The sculptures in the series “Shooting Star” (2025), a collaboration with blacksmith Emanuele Ziranu, are composed of what are presumably celestial bodies suspended from a ceiling, and yet we are unable to tell whether we are meant to feel wonder or danger — are they shooting stars or an air bombardment? The black spikey structures contrast with the white walls of the exhibition room, but it’s impossible to tell if they’re made from the same material as the cages, the hospital screen, or the nails in “Gathering” (2025), a pair of thick ceramic maps embedded with rusted nails that recall the Giacometti existential figures. Perhaps what we refer to here as material doesn’t necessarily have to be clay or iron or mesh but the debris of history itself.

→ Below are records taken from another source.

Definition Rcut (E : rel V) (r : V -> V -> R) (C : {set V}) : R :=
  (\sum_(k in C) \sum_(l | (l \notin C) && E k l) (r k l)^-1)^-1.

Definition bset (b : V -> R) (C : {set V}) : R := \sum_(v in C) b v.

Definition fflow (E : rel V) (r : V -> V -> R) (x : V -> R) (C : {set V}) : R :=
  \sum_(k in C) \sum_(l | (l \notin C) && E k l) (x k - x l) / r k l.

Definition kosz_step (E : rel V) (r : V -> V -> R) (b : V -> R)
    (root : V) (par : V -> V) (x : V -> R) (i j : V) : V -> R :=
  let C := Ccomp root par i j in
  let Delta := (bset b C - fflow E r x C) * Rcut E r C in
  fun v => x v + (if v \in C then Delta else 0).

Definition tau (E : rel V) (r : V -> V -> R) (root : V) (par : V -> V) : R :=
  \sum_(v | v != root) r v (par v) / Rcut E r (Ccomp root par v (par v)).

Definition Pedge (E : rel V) (r : V -> V -> R) (root : V) (par : V -> V)
    (v : V) : R :=
  (tau E r root par)^-1 * (r v (par v) / Rcut E r (Ccomp root par v (par v))).

End KOSZ.

From HB Require Import structures.
From mathcomp Require Import all_boot all_order all_algebra.
From mathcomp Require Import ring lra.
Set Implicit Arguments. Unset Strict Implicit. Unset Printing Implicit Defensive.
Import Order.TTheory GRing.Theory Num.Theory.
Local Open Scope ring_scope.

(* For a tree edge e = (v, par v) write g_e = b(C_e) - f(C_e).  The step on e
   raises B by exactly g_e^2 R(C_e) / 2, so with the sampling probabilities
   P_e = r(e) / (tau R(C_e)) the expected gain is (1/tau) sum_e r(e) g_e^2 / 2.
   On the other hand, for any y, with z = y - x and G = b - L x, the quadratic B
   satisfies B(y) - B(x) = z.G - z^T L z / 2.  As G sums to zero, summing it
   over subtrees rewrites z.G as sum_e g_e (z_v - z_(par v)), while z^T L z is
   at least its tree part sum_e (z_v - z_(par v))^2 / r(e).  Completing the
   square edge by edge gives B(y) - B(x) <= sum_e r(e) g_e^2 / 2, which is tau
   times the expected gain. *)

Section LaplacianForm.
Variables (R : realFieldType) (V : finType) (E : rel V) (r : V -> V -> R).
Hypotheses (symE : symmetric E) (rsym : forall u v, r u v = r v u).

From the outside of the Barbican in London, it is possible to see an enigmatic red glow emanating from the window of the second floor of the Hatoum and Giacometti exhibition. It is the sculpture Hot Spot (2018), a steel gridded globe, at the height of a person, tilting at 23.5 degrees, the actual axis of the Earth, with all the continents traced in red neon light. This cage-like structure and its fierce, buzzing glow present the entire world as one interconnected zone of geopolitical conflicts, border tensions, and global warming. It might have seemed pessimistic, although prescient, two decades ago, when the first version of the work was originally made. But here and now, in a world grappling with the demise of the fiction of the rules-based order, Hatoum’s globe is truer today than then. At present, it feels no longer necessary for us to state the obvious, in a moment of permanent crisis, but at the same time there still remains a political horizon for the poetry of images: the naked courage of never looking away.
•
Mona Hatoum’s exhibition Encounters: Giacometti was on view at the Barbican Center, London, September 3, 2025 through January 11, 2026. Her exhibition Behind the Seen runs at Museo Nivola, Orani, October 4, 2025 through March 2, 2026. Mona Hatoum’s work will be showcased in a solo presentation by Galerie Chantal Crousel, in the inaugural edition of Art Basel Qatar, February 3-7, 2026.